## [Problem details]
Using the records below, write out again exactly the lines that begin at the line containing "positions at distance" and end at the line containing "by move=> x; rewrite /= inE.", and no other lines.

(Stored items)
Segment Open

(* $R_3(L) \le 2593$. That is, for every coloring of the lattice grid $[2593]\times[2593]$ with 3 colors there exist integers $i,j$ and $t\ge 1$ such that the three points $(i,j)$, $(i,j+t)$, $(i+t,j+t)$ all lie in the grid and all receive the same color.
   Context: For $n\in\mathbb{N}$, $[n]=\{1,\dots,n\}$. An $L$ in the grid $[n]\times[n]$ is a set of three lattice points of the form $\{(i,j),(i,j+t),(i+t,j+t)\}$ with $t$ a positive integer (an isosceles right triangle). A $c$-coloring of the grid is a function $[n]\times[n]\to[c]$. $R_c(L)$ denotes the least $n$ such that every $c$-coloring of $[n]\times[n]$ contains a monochromatic $L$. *)

From mathcomp Require Import all_boot.

(* The grid [n] x [n] = {1..n} x {1..n}.  A c-coloring is modeled as a
   function nat -> nat -> 'I_c; only its values on the grid matter. *)
Definition in_grid (n i j : nat) : Prop := 1 <= i <= n /\ 1 <= j <= n.

Definition has_mono_L (n c : nat) (col : nat -> nat -> 'I_c) : Prop :=
  exists i j t : nat,
    1 <= t /\
    in_grid n i j /\ in_grid n i (j + t) /\ in_grid n (i + t) (j + t) /\
    col i j = col i (j + t) /\ col i (j + t) = col (i + t) (j + t).

From mathcomp Require Import all_boot zify.
From Stdlib Require Import Classical.

Set Implicit Arguments.
Unset Strict Implicit.
Unset Printing Implicit Defensive.

(* In every window of four consecutive cells (1, b), ..., (1, b + 3) of the first row two
   cells (1, b + p), (1, b + q) share a colour c1, and the cell (1 + q - p, b + q)
   completing them to an L has another colour c2.  This gives each of the 2590 windows
   one of 36 types, so some type occurs at 72 windows.  Some gap between these 72
   positions occurs twice, at x < x + e and y < y + e: otherwise the 141 gaps between
   positions at distance one or two in the sorted order would be distinct and sum to at
   least 141 * 142 / 2, while they sum to at most 3 * 2589.  For four windows x, x + e,
   y, y + e of the same type the cells (1 + q - p + e, x + e + q),
   (1 + q - p + e, y + e + q) and (1 + q - p + e + y - x, y + e + q) avoid both c1 and
   c2, so they form an L in the third colour. *)

Lemma sorted_ltn_sumn_lb (s : seq nat) k :
  sorted ltn s -> all (fun x => k < x) s -> size s * (2 * k + 1 + size s) <= 2 * sumn s.
Proof.
elim: s k => [|x s IH] k //= sorted_xs /andP[lt_kx _].
have := IH x (path_sorted sorted_xs) (order_path_min ltn_trans sorted_xs).
nia.
Qed.

Lemma uniq_pos_sumn_lb (s : seq nat) :
  uniq s -> 0 \notin s -> size s * (size s).+1 <= 2 * sumn s.
Proof.
move=> uniq_s s_pos; have perm_s : perm_eq (sort leq s) s by rewrite perm_sort.
rewrite -(perm_size perm_s) -(perm_sumn perm_s).
have := @sorted_ltn_sumn_lb (sort leq s) 0; rewrite muln0 add0n add1n; apply.
  by rewrite ltn_sorted_uniq_leq (perm_uniq perm_s) uniq_s (sort_sorted leq_total).
apply/allP => x; rewrite (perm_mem perm_s) lt0n; apply: contraTneq => ->.
exact: s_pos.
Qed.

Lemma count_in_leq (T : eqType) (S : seq T) (f : nat -> T) (s : seq nat) k :
  {in S, forall v, count (fun x => f x == v) s <= k} ->
  count (fun x => f x \in S) s <= size S * k.
Proof.
elim: S => [|v S IH] small_fibres /=.
  by rewrite (eq_count (a2 := pred0)) ?count_pred0.
rewrite (eq_count (a2 := predU (fun x => f x == v) (fun x => f x \in S))); last first.
  by move=> x; rewrite /= inE.
have := count_predUI (fun x => f x == v) (fun x => f x \in S) s.
have := small_fibres v (mem_head _ _).
rewrite mulSn; have := IH (fun w S_w => small_fibres w (@mem_behead _ (v :: S) w S_w)).
lia.
Qed.

Lemma pigeonhole_count (T : eqType) (S : seq T) (f : nat -> T) (s : seq nat) k :
  {in s, forall x, f x \in S} -> size S * k < size s ->
  exists2 v, v \in S & k < count (fun x => f x == v) s.
Proof.
move=> f_in_S many; case: (boolP (has (fun v => k < count (fun x => f x == v) s) S)).
  by case/hasP=> v; exists v.
move/hasPn => small_fibres; suff: size s <= size S * k by rewrite leqNgt many.
rewrite -count_predT -(eq_in_count (a1 := fun x => f x \in S)) //.
by apply: count_in_leq => v /small_fibres; rewrite -leqNgt.
Qed.

Section IncreasingGaps.

Variables (a : nat -> nat) (m : nat).
Hypothesis a_incr : forall i, i <= m -> a i < a i.+1.

Lemma incr_lt i j : i < j -> j <= m.+1 -> a i < a j.
Proof.
elim: j => // j IH; rewrite ltnS leq_eqVlt => /predU1P[-> | lt_ij] lt_jm.
  exact: a_incr.
exact: ltn_trans (IH lt_ij (ltnW lt_jm)) (a_incr lt_jm).
Qed.

Definition gap_pairs : seq (nat * nat) :=
  [seq (i, i.+1) | i <- iota 0 m.+1] ++ [seq (i, i.+2) | i <- iota 0 m].

Definition gap (pr : nat * nat) : nat := a pr.2 - a pr.1.

Lemma mem_gap_pairs pr : pr \in gap_pairs -> pr.1 < pr.2 <= m.+1.
Proof.
by rewrite mem_cat => /orP[] /mapP[i]; rewrite mem_iota => /andP[_ lt_im] -> /=; lia.
Qed.

Lemma uniq_gap_pairs : uniq gap_pairs.
Proof.
rewrite cat_uniq !map_inj_uniq ?iota_uniq ?andbT; try by move=> i j [].
by apply/hasPn => _ /mapP[i _ ->]; apply/negP => /mapP[j _ [-> /eqP]]; rewrite gtn_eqF.
Qed.

Lemma sum_gaps_le : \sum_(pr <- gap_pairs) gap pr <= 3 * (a m.+1 - a 0).
Proof.
have a_le i : i <= m -> a i <= a i.+1 by move/a_incr/ltnW.
have tele1 : \sum_(0 <= i < m.+1) (a i.+1 - a i) = a m.+1 - a 0.
  by apply: telescope_sumn_in => // i /andP[_]; apply: a_le.
have tele2 : \sum_(0 <= i < m) (a i.+1 - a i) = a m - a 0.
  by apply: telescope_sumn_in => // i /andP[_ /ltnW]; apply: a_le.
have tele3 : \sum_(0 <= i < m) (a i.+2 - a i.+1) = a m.+1 - a 1.
  by apply: (@telescope_sumn_in 0 m (fun k => a k.+1)) => // i /andP[_]; apply: a_le.
have iotaE k : iota 0 k = index_iota 0 k by rewrite /index_iota subn0.
rewrite big_cat !big_map !iotaE /gap /= tele1.
have -> : \sum_(0 <= i < m) (a i.+2 - a i) = (a m.+1 - a 1) + (a m - a 0).
  rewrite -tele2 -tele3 -big_split /=; apply: eq_big_nat => i /andP[_ lt_im].
  by have := a_le i (ltnW lt_im); have := a_le i.+1 lt_im; lia.
by have := a_le 0 (leq0n m); have := a_le m (leqnn m); have := incr_lt (ltn0Sn m) (leqnn _); lia.
Qed.

Lemma gap_pos pr : pr \in gap_pairs -> 0 < gap pr.
Proof. by case/mem_gap_pairs/andP => lt_pr le_pr; rewrite subn_gt0 incr_lt. Qed.

Lemma gaps_not_uniq :
  3 * (a m.+1 - a 0) < m.+1 * m.*2.+1 -> ~~ uniq (map gap gap_pairs).
Proof.
move=> small_span; apply/negP => /uniq_pos_sumn_lb.
have -> : 0 \notin map gap gap_pairs.
  by apply/negP => /mapP[pr /gap_pos pos eq0]; rewrite -eq0 in pos.
rewrite size_map size_cat !size_map !size_iota sumnE big_map => /(_ isT).
by have := sum_gaps_le; nia.
Qed.

Lemma equal_gaps_fst_neq pr pr' : pr \in gap_pairs -> pr' \in gap_pairs ->
  pr != pr' -> gap pr = gap pr' -> pr.1 != pr'.1.
Proof.
case: pr pr' => [i j] [i' j'].
move=> /mem_gap_pairs/= /andP[lt_ij le_j] /mem_gap_pairs/= /andP[lt_ij' le_j'].
rewrite /gap /= => neq_pr eq_gap; apply: contraNneq neq_pr => eq_i; subst i'.
have := incr_lt lt_ij le_j; have := incr_lt lt_ij' le_j'.
case: (ltngtP j j') => [lt_jj' | lt_j'j | -> //].
  by have := incr_lt lt_jj' le_j'; lia.
by have := incr_lt lt_j'j le_j; lia.
Qed.

Lemma increasing_equal_gaps : 3 * (a m.+1 - a 0) < m.+1 * m.*2.+1 ->
  exists i j i' j', [/\ i < i', i < j <= m.+1, i' < j' <= m.+1 & a j - a i = a j' - a i'].
Proof.
move/gaps_not_uniq/(uniqPn 0) => [k [l [lt_kl]]]; rewrite size_map => lt_l.
have lt_k := ltn_trans lt_kl lt_l.
rewrite !(nth_map (0, 0)) //; set pr := nth _ _ k; set pr' := nth _ _ l => eq_gap.
have in_pr : pr \in gap_pairs by apply: mem_nth.
have in_pr' : pr' \in gap_pairs by apply: mem_nth.
have neq_pr : pr != pr' by rewrite nth_uniq ?uniq_gap_pairs // ltn_eqF.
have := equal_gaps_fst_neq in_pr in_pr' neq_pr eq_gap.
move: in_pr in_pr' eq_gap; rewrite /gap; clear neq_pr; clearbody pr pr'.
case: pr pr' => [i j] [i' j'] /mem_gap_pairs/= lt_j /mem_gap_pairs/= lt_j' eq_gap.
case: ltngtP => // [lt_i | lt_i'] _; first by exists i, j, i', j'.
by exists i', j', i, j.
Qed.

End IncreasingGaps.

Lemma sorted_equal_gaps (s : seq nat) N m :
  sorted ltn s -> m.+2 <= size s -> all (fun x => x < N) s -> 3 * N <= m.+1 * m.*2.+1 ->
  exists x y e, [/\ x < y, 0 < e & {subset [:: x; x + e; y; y + e] <= s}].
Proof.
move=> sorted_s long_s /allP lt_sN span; pose a := nth 0 s.
have a_incr i : i <= m -> a i < a i.+1.
  by move=> le_im; apply: (sorted_ltn_nth ltn_trans) => //; rewrite inE; lia.
have a_in i : i <= m.+1 -> a i \in s.
  by move=> le_i; apply: mem_nth; apply: leq_ltn_trans le_i long_s.
have [|i [j [i' [j' [lt_ii' /andP[lt_ij le_j] /andP[lt_ij' le_j'] eq_gap]]]]] :=
  increasing_equal_gaps a_incr.
  by have := lt_sN _ (a_in m.+1 (leqnn _)); lia.
have le_i : i <= m.+1 := ltnW (leq_trans lt_ij le_j).
have le_i' : i' <= m.+1 := ltnW (leq_trans lt_ij' le_j').
have lt_aij := incr_lt a_incr lt_ij le_j; have lt_aij' := incr_lt a_incr lt_ij' le_j'.
exists (a i), (a i'), (a j - a i); split.
- by have := incr_lt a_incr lt_ii' le_i'.
- by rewrite subn_gt0.
- move=> x; rewrite !inE (subnKC (ltnW lt_aij)) eq_gap (subnKC (ltnW lt_aij')).
  by case/or4P => /eqP ->; apply: a_in.
Qed.

Lemma fibre_equal_gaps (T : eqType) (S : seq T) (f : nat -> T) N m :
  {in iota 0 N, forall b, f b \in S} -> size S * m.+1 < N -> 3 * N <= m.+1 * m.*2.+1 ->
  exists x y e, [/\ x < y, 0 < e, y + e < N &
                 [/\ f (x + e) = f x, f y = f x & f (y + e) = f x]].
Proof.
move=> f_in_S many span.
rewrite -[N in _ < N](size_iota 0) in many.
have [v _ many_v] := pigeonhole_count f_in_S many.
pose B := [seq b <- iota 0 N | f b == v].
have B_spec b : b \in B -> b < N /\ f b = v.
  by rewrite mem_filter mem_iota => /andP[/eqP -> /andP[_ lt_bN]].
have sorted_B : sorted ltn B := sorted_filter ltn_trans _ (iota_ltn_sorted 0 N).
have long_B : m.+2 <= size B by rewrite size_filter.
have lt_BN : all (fun b => b < N) B by apply/allP => b /B_spec[].
have [x [y [e [lt_xy e_gt0 sub_B]]]] := sorted_equal_gaps sorted_B long_B lt_BN span.
have /B_spec[_ fx] := sub_B x (mem_head _ _).
have /B_spec[_ fxe] : x + e \in B by apply: sub_B; rewrite !inE eqxx orbT.
have /B_spec[_ fy] : y \in B by apply: sub_B; rewrite !inE eqxx !orbT.
have /B_spec[lt_yeN fye] : y + e \in B by apply: sub_B; rewrite !inE eqxx !orbT.
by exists x, y, e; split; rewrite // fx fxe fy fye.
Qed.

Lemma ord3_eq_third (x y z w : 'I_3) :
  x != y -> z != x -> z != y -> w != x -> w != y -> z = w.
Proof. by move: x y z w; do 4!case=> [[|[|[|//]]] ?]; move=> *; apply/val_inj. Qed.

Definition equal_pair (g : nat -> 'I_3) : nat * nat :=
  if [pick pq : 'I_4 * 'I_4 | (pq.1 < pq.2) && (g pq.1 == g pq.2)] is Some (p, q)
  then (val p, val q) else (0, 0).

Lemma equal_pairP (g : nat -> 'I_3) :
  (equal_pair g).1 < (equal_pair g).2 <= 3 /\ g (equal_pair g).1 = g (equal_pair g).2.
Proof.
rewrite /equal_pair; case: pickP => [[p q] /andP[lt_pq /eqP eq_g] | no_pair].
  by rewrite /= lt_pq -ltnS ltn_ord.
have : ~~ injectiveb (fun k : 'I_4 => g k).
  by apply/negP => /injectiveP/leq_card; rewrite !card_ord.
case/injectivePn => x [y neq_xy eq_xy]; exfalso.
case: (ltngtP x y) => [lt_xy | lt_yx | /val_inj eq_xy']; last by rewrite eq_xy' eqxx in neq_xy.
  by have := no_pair (x, y); rewrite /= lt_xy eq_xy eqxx.
by have := no_pair (y, x); rewrite /= lt_yx eq_xy eqxx.
Qed.

Definition colours : seq 'I_3 := [:: @Ordinal 3 0 isT; @Ordinal 3 1 isT; @Ordinal 3 2 isT].

Lemma mem_colours (c : 'I_3) : c \in colours.
Proof. by case: c => [[|[|[|//]]] ?]. Qed.

Definition window_types : seq (nat * nat * ('I_3 * 'I_3)) :=
  [seq (pq, c) | pq <- [seq (p, q) | q <- iota 0 4, p <- iota 0 q],
                 c <- [seq c <- [seq (c1, c2) | c1 <- colours, c2 <- colours] | c.1 != c.2]].

Lemma size_window_types : size window_types = 36.
Proof. by []. Qed.

Lemma mem_window_types p q c1 c2 :
  p < q <= 3 -> c1 != c2 -> (p, q, (c1, c2)) \in window_types.
Proof.
move=> /andP[lt_pq le_q3] neq_c; apply: allpairs_f.
  by apply/allpairsPdep; exists q, p; rewrite !mem_iota /= ltnS le_q3 lt_pq.
by rewrite mem_filter neq_c allpairs_f ?mem_colours.
Qed.

Section LFreeColouring.

Variables (n : nat) (col : nat -> nat -> 'I_3).
Hypothesis L_free : ~ has_mono_L n 3 col.

Lemma L_free_corner i j i' j' : 0 < i < i' -> 0 < j -> i' <= n -> j' <= n ->
  i + j' = i' + j -> col i j = col i j' -> col i' j' != col i j'.
Proof.
move=> /andP[i_gt0 lt_ii'] j_gt0 le_i'n le_j'n diag eq_ij; apply/eqP => eq_i'j'.
have def_i' : i + (i' - i) = i' by rewrite subnKC // ltnW.
have def_j' : j + (i' - i) = j' by lia.
apply: L_free; exists i, j, (i' - i); rewrite /in_grid def_i' def_j'.
by split; [rewrite subn_gt0 | do 3 (split; first lia); split].
Qed.

Definition window_type (b : nat) : nat * nat * ('I_3 * 'I_3) :=
  let: (p, q) := equal_pair (fun k => col 1 (b + k)) in
  (p, q, (col 1 (b + q), col (q - p).+1 (b + q))).

Lemma window_typeP b p q c1 c2 : 0 < b -> b + 3 <= n -> window_type b = (p, q, (c1, c2)) ->
  [/\ p < q <= 3, col 1 (b + p) = c1, col 1 (b + q) = c1,
      col (q - p).+1 (b + q) = c2 & c2 != c1].
Proof.
rewrite /window_type => b_gt0 le_bn; have [] := equal_pairP (fun k => col 1 (b + k)).
case: equal_pair => p' q' /= /andP[lt_pq le_q3] eq_pq [<- <- <- <-].
rewrite lt_pq le_q3; split=> //; apply: (L_free_corner (j := b + p')) => //; lia.
Qed.

Lemma window_type_mem b : 0 < b -> b + 3 <= n -> window_type b \in window_types.
Proof.
move=> b_gt0 le_bn; case E: (window_type b) => [[p q] [c1 c2]].
have [lt_pq _ _ _ neq_c] := window_typeP b_gt0 le_bn E.
by rewrite mem_window_types // eq_sym.
Qed.

Lemma shifted_cell_avoids x y p q c1 c2 : 0 < x < y -> y + 3 <= n ->
  window_type x = (p, q, (c1, c2)) -> window_type y = (p, q, (c1, c2)) ->
  col (q - p + (y - x)).+1 (y + q) != c1 /\ col (q - p + (y - x)).+1 (y + q) != c2.
Proof.
move=> /andP[x_gt0 lt_xy] le_yn Ex Ey.
have [/andP[lt_pq le_q3] x_p _ x_L _] := window_typeP x_gt0 (ltac:(lia) : x + 3 <= n) Ex.
have [_ _ y_q y_L _] := window_typeP (ltn_trans x_gt0 lt_xy) le_yn Ey.
split.
  by rewrite -y_q; apply: (L_free_corner _ _ _ _ _ (etrans x_p (esym y_q))); lia.
by rewrite -y_L; apply: (L_free_corner _ _ _ _ _ (etrans x_L (esym y_L))); lia.
Qed.

Lemma window_types_no_equal_gaps x y e : 0 < x < y -> 0 < e -> y + e + 3 <= n ->
  window_type (x + e) = window_type x -> window_type y = window_type x ->
  window_type (y + e) = window_type x -> False.
Proof.
move=> /andP[x_gt0 lt_xy] e_gt0 le_yen; case E: (window_type x) => [[p q] [c1 c2]] Exe Ey Eye.
have [/andP[lt_pq le_q3] _ _ _ neq_c] := window_typeP x_gt0 (ltac:(lia) : x + 3 <= n) E.
have [Z1_c1 Z1_c2] := shifted_cell_avoids (x := x) (y := x + e) ltac:(lia) ltac:(lia) E Exe.
have [Z2_c1 Z2_c2] := shifted_cell_avoids (x := y) (y := y + e) ltac:(lia) ltac:(lia) Ey Eye.
have [W_c1 W_c2] := shifted_cell_avoids (x := x) (y := y + e) ltac:(lia) ltac:(lia) E Eye.
rewrite !addKn in Z1_c1 Z1_c2 Z2_c1 Z2_c2.
have Z1_Z2 := ord3_eq_third neq_c Z1_c2 Z1_c1 Z2_c2 Z2_c1.
have Z2_W := ord3_eq_third neq_c Z2_c2 Z2_c1 W_c2 W_c1.
suff : col (q - p + (y + e - x)).+1 (y + e + q) != col (q - p + e).+1 (y + e + q).
  by rewrite Z2_W eqxx.
by apply: L_free_corner Z1_Z2; lia.
Qed.

End LFreeColouring.

Theorem theorem2p3 :
  forall col : nat -> nat -> 'I_3, has_mono_L 2593 3 col.
Proof.
move=> col; apply: NNPP => L_free.
have types_in : {in iota 0 2590, forall b, window_type col b.+1 \in window_types}.
  by move=> b; rewrite mem_iota => /andP[_ lt_b]; apply: (window_type_mem L_free) => //; lia.
have few_types : size window_types * 71 < 2590 by rewrite size_window_types.
have [x [y [e [lt_xy e_gt0 lt_ye [Exe Ey Eye]]]]] := fibre_equal_gaps types_in few_types isT.
by apply: (window_types_no_equal_gaps L_free (x := x.+1) (y := y.+1) (e := e)) => //; lia.
Qed.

Segment Closed

## [Response box]
   positions at distance one or two in the sorted order would be distinct and sum to at
   least 141 * 142 / 2, while they sum to at most 3 * 2589.  For four windows x, x + e,
   y, y + e of the same type the cells (1 + q - p + e, x + e + q),
   (1 + q - p + e, y + e + q) and (1 + q - p + e + y - x, y + e + q) avoid both c1 and
   c2, so they form an L in the third colour. *)

Lemma sorted_ltn_sumn_lb (s : seq nat) k :
  sorted ltn s -> all (fun x => k < x) s -> size s * (2 * k + 1 + size s) <= 2 * sumn s.
Proof.
elim: s k => [|x s IH] k //= sorted_xs /andP[lt_kx _].
have := IH x (path_sorted sorted_xs) (order_path_min ltn_trans sorted_xs).
nia.
Qed.

Lemma uniq_pos_sumn_lb (s : seq nat) :
  uniq s -> 0 \notin s -> size s * (size s).+1 <= 2 * sumn s.
Proof.
move=> uniq_s s_pos; have perm_s : perm_eq (sort leq s) s by rewrite perm_sort.
rewrite -(perm_size perm_s) -(perm_sumn perm_s).
have := @sorted_ltn_sumn_lb (sort leq s) 0; rewrite muln0 add0n add1n; apply.
  by rewrite ltn_sorted_uniq_leq (perm_uniq perm_s) uniq_s (sort_sorted leq_total).
apply/allP => x; rewrite (perm_mem perm_s) lt0n; apply: contraTneq => ->.
exact: s_pos.
Qed.

Lemma count_in_leq (T : eqType) (S : seq T) (f : nat -> T) (s : seq nat) k :
  {in S, forall v, count (fun x => f x == v) s <= k} ->
  count (fun x => f x \in S) s <= size S * k.
Proof.
elim: S => [|v S IH] small_fibres /=.
  by rewrite (eq_count (a2 := pred0)) ?count_pred0.
rewrite (eq_count (a2 := predU (fun x => f x == v) (fun x => f x \in S))); last first.
  by move=> x; rewrite /= inE.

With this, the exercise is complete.